§ **PROMPT**: Would you transcribe all of the data exactly, down to the last character?

§ **Stored data entries**:
*** Block opens ***

Lemma indicator_step_exp (R : comNzRingType) (a : R) m (p q s t : bool) :
  ~~ (p && q) -> ~~ (s && t) ->
  (a + (p && t)%:R + (q && s)%:R - (p && s)%:R - (q && t)%:R) ^+ m - a ^+ m
  = ((p && t)%:R + (q && s)%:R) * ((a + 1) ^+ m - a ^+ m)
    + ((p && s)%:R + (q && t)%:R) * ((a - 1) ^+ m - a ^+ m).
Proof.
by case: p q s t => [] [] [] [] //= _ _;
  rewrite ?(addr0, subr0, add0r, mul0r, mul1r, subrr).
Qed.

Lemma indicator_step_nat (v N : nat) (p q s t : bool) :
  ~~ (p && q) -> ~~ (s && t) -> (v <= N)%N ->
  (p && s || q && t -> 0 < v)%N -> (p && t || q && s -> v < N)%N ->
  (v + (p && t) + (q && s) - (p && s) - (q && t) <= N)%N /\
  (v + (p && t) + (q && s) - (p && s) - (q && t) + (p && s) + (q && t)
   = v + (p && t) + (q && s))%N.
Proof.
case: p q s t => [] [] [] [] //= _ _ vN pos lt;
  try have := pos isT; try have := lt isT; lia.
Qed.

Lemma sum_except (R : zmodType) (T : finType) (t : T) (F : T -> R) :
  \sum_(u | u != t) F u = \sum_u F u - F t.
Proof. by rewrite [X in _ = X - _](bigD1 t) //= addrC addrK. Qed.

Section CellPairs.
Variables (R : comNzRingType) (a b : nat).
Implicit Types (F G : 'I_a -> 'I_a -> 'I_b -> 'I_b -> R) (X : 'I_a * 'I_b -> R).

Definition sum_cell_pairs F : R :=
  \sum_(i1 < a) \sum_(i2 < a) \sum_(j1 < b) \sum_(j2 < b)
    if (i1 != i2) && (j1 != j2) then F i1 i2 j1 j2 else 0.

Lemma sum_cell_pairs_lin (A B : R) F G :
  sum_cell_pairs (fun i1 i2 j1 j2 => A * F i1 i2 j1 j2 + B * G i1 i2 j1 j2)
  = A * sum_cell_pairs F + B * sum_cell_pairs G.
Proof.
rewrite /sum_cell_pairs !mulr_sumr -big_split; apply: eq_bigr => i1 _.
rewrite !mulr_sumr -big_split; apply: eq_bigr => i2 _.
rewrite !mulr_sumr -big_split; apply: eq_bigr => j1 _.
rewrite !mulr_sumr -big_split; apply: eq_bigr => j2 _.
by case: (_ && _); rewrite /= ?mulr0 ?addr0.
Qed.

Lemma sum_cell_pairs_sym F G :
  (forall (i1 i2 : 'I_a) (j1 j2 : 'I_b), (i1 < i2)%N -> j1 != j2 ->
     G i1 i2 j1 j2 = F i1 i2 j1 j2 + F i2 i1 j2 j1) ->
  \sum_(i1 < a) \sum_(i2 < a) \sum_(j1 < b) \sum_(j2 < b)
    (if (i1 < i2)%N && (j1 != j2) then G i1 i2 j1 j2 else 0)
  = sum_cell_pairs F.
Proof.
move=> GE.
have swap : \sum_(i1 < a) \sum_(i2 < a) \sum_(j1 < b) \sum_(j2 < b)
      (if (i1 < i2)%N && (j1 != j2) then F i2 i1 j2 j1 else 0)
    = \sum_(i1 < a) \sum_(i2 < a) \sum_(j1 < b) \sum_(j2 < b)
      (if (i2 < i1)%N && (j1 != j2) then F i1 i2 j1 j2 else 0).
  rewrite exchange_big; apply: eq_bigr => i1 _; apply: eq_bigr => i2 _.
  by rewrite exchange_big; apply: eq_bigr => j1 _; apply: eq_bigr => j2 _; rewrite eq_sym.
transitivity (\sum_(i1 < a) \sum_(i2 < a) \sum_(j1 < b) \sum_(j2 < b)
      (if (i1 < i2)%N && (j1 != j2) then F i1 i2 j1 j2 else 0)
    + \sum_(i1 < a) \sum_(i2 < a) \sum_(j1 < b) \sum_(j2 < b)
      (if (i1 < i2)%N && (j1 != j2) then F i2 i1 j2 j1 else 0)).
  rewrite -big_split; apply: eq_bigr => i1 _; rewrite -big_split; apply: eq_bigr => i2 _.
  rewrite -big_split; apply: eq_bigr => j1 _; rewrite -big_split; apply: eq_bigr => j2 _.
  by case: ((i1 < i2)%N && _) / andP => [[lt12 ne12] | _]; [exact: GE | exact/esym/addr0].
rewrite swap -big_split; apply: eq_bigr => i1 _; rewrite -big_split; apply: eq_bigr => i2 _.
rewrite -big_split; apply: eq_bigr => j1 _; rewrite -big_split; apply: eq_bigr => j2 _.
case: (j1 != j2); rewrite ?andbF ?andbT /=; last exact: addr0.
by rewrite -val_eqE /=; case: ltngtP; rewrite ?addr0 ?add0r.
Qed.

*** Block closes ***

§ **SOLUTION**:
Lemma indicator_step_exp (R : comNzRingType) (a : R) m (p q s t : bool) :
  ~~ (p && q) -> ~~ (s && t) ->
  (a + (p && t)%:R + (q && s)%:R - (p && s)%:R - (q && t)%:R) ^+ m - a ^+ m
  = ((p && t)%:R + (q && s)%:R) * ((a + 1) ^+ m - a ^+ m)
    + ((p && s)%:R + (q && t)%:R) * ((a - 1) ^+ m - a ^+ m).
Proof.
by case: p q s t => [] [] [] [] //= _ _;
  rewrite ?(addr0, subr0, add0r, mul0r, mul1r, subrr).
Qed.

Lemma indicator_step_nat (v N : nat) (p q s t : bool) :
  ~~ (p && q) -> ~~ (s && t) -> (v <= N)%N ->
  (p && s || q && t -> 0 < v)%N -> (p && t || q && s -> v < N)%N ->
  (v + (p && t) + (q && s) - (p && s) - (q && t) <= N)%N /\
  (v + (p && t) + (q && s) - (p && s) - (q && t) + (p && s) + (q && t)
   = v + (p && t) + (q && s))%N.
Proof.
case: p q s t => [] [] [] [] //= _ _ vN pos lt;
  try have := pos isT; try have := lt isT; lia.
Qed.

Lemma sum_except (R : zmodType) (T : finType) (t : T) (F : T -> R) :
  \sum_(u | u != t) F u = \sum_u F u - F t.
Proof. by rewrite [X in _ = X - _](bigD1 t) //= addrC addrK. Qed.

Section CellPairs.
Variables (R : comNzRingType) (a b : nat).
Implicit Types (F G : 'I_a -> 'I_a -> 'I_b -> 'I_b -> R) (X : 'I_a * 'I_b -> R).

Definition sum_cell_pairs F : R :=
  \sum_(i1 < a) \sum_(i2 < a) \sum_(j1 < b) \sum_(j2 < b)
    if (i1 != i2) && (j1 != j2) then F i1 i2 j1 j2 else 0.

Lemma sum_cell_pairs_lin (A B : R) F G :
  sum_cell_pairs (fun i1 i2 j1 j2 => A * F i1 i2 j1 j2 + B * G i1 i2 j1 j2)
  = A * sum_cell_pairs F + B * sum_cell_pairs G.
Proof.
rewrite /sum_cell_pairs !mulr_sumr -big_split; apply: eq_bigr => i1 _.
rewrite !mulr_sumr -big_split; apply: eq_bigr => i2 _.
rewrite !mulr_sumr -big_split; apply: eq_bigr => j1 _.
rewrite !mulr_sumr -big_split; apply: eq_bigr => j2 _.
by case: (_ && _); rewrite /= ?mulr0 ?addr0.
Qed.

Lemma sum_cell_pairs_sym F G :
  (forall (i1 i2 : 'I_a) (j1 j2 : 'I_b), (i1 < i2)%N -> j1 != j2 ->
     G i1 i2 j1 j2 = F i1 i2 j1 j2 + F i2 i1 j2 j1) ->
  \sum_(i1 < a) \sum_(i2 < a) \sum_(j1 < b) \sum_(j2 < b)
    (if (i1 < i2)%N && (j1 != j2) then G i1 i2 j1 j2 else 0)
  = sum_cell_pairs F.
Proof.
move=> GE.
have swap : \sum_(i1 < a) \sum_(i2 < a) \sum_(j1 < b) \sum_(j2 < b)
      (if (i1 < i2)%N && (j1 != j2) then F i2 i1 j2 j1 else 0)
    = \sum_(i1 < a) \sum_(i2 < a) \sum_(j1 < b) \sum_(j2 < b)
      (if (i2 < i1)%N && (j1 != j2) then F i1 i2 j1 j2 else 0).
  rewrite exchange_big; apply: eq_bigr => i1 _; apply: eq_bigr => i2 _.
  by rewrite exchange_big; apply: eq_bigr => j1 _; apply: eq_bigr => j2 _; rewrite eq_sym.
transitivity (\sum_(i1 < a) \sum_(i2 < a) \sum_(j1 < b) \sum_(j2 < b)
      (if (i1 < i2)%N && (j1 != j2) then F i1 i2 j1 j2 else 0)
    + \sum_(i1 < a) \sum_(i2 < a) \sum_(j1 < b) \sum_(j2 < b)
      (if (i1 < i2)%N && (j1 != j2) then F i2 i1 j2 j1 else 0)).
  rewrite -big_split; apply: eq_bigr => i1 _; rewrite -big_split; apply: eq_bigr => i2 _.
  rewrite -big_split; apply: eq_bigr => j1 _; rewrite -big_split; apply: eq_bigr => j2 _.
  by case: ((i1 < i2)%N && _) / andP => [[lt12 ne12] | _]; [exact: GE | exact/esym/addr0].
rewrite swap -big_split; apply: eq_bigr => i1 _; rewrite -big_split; apply: eq_bigr => i2 _.
rewrite -big_split; apply: eq_bigr => j1 _; rewrite -big_split; apply: eq_bigr => j2 _.
case: (j1 != j2); rewrite ?andbF ?andbT /=; last exact: addr0.
by rewrite -val_eqE /=; case: ltngtP; rewrite ?addr0 ?add0r.
Qed.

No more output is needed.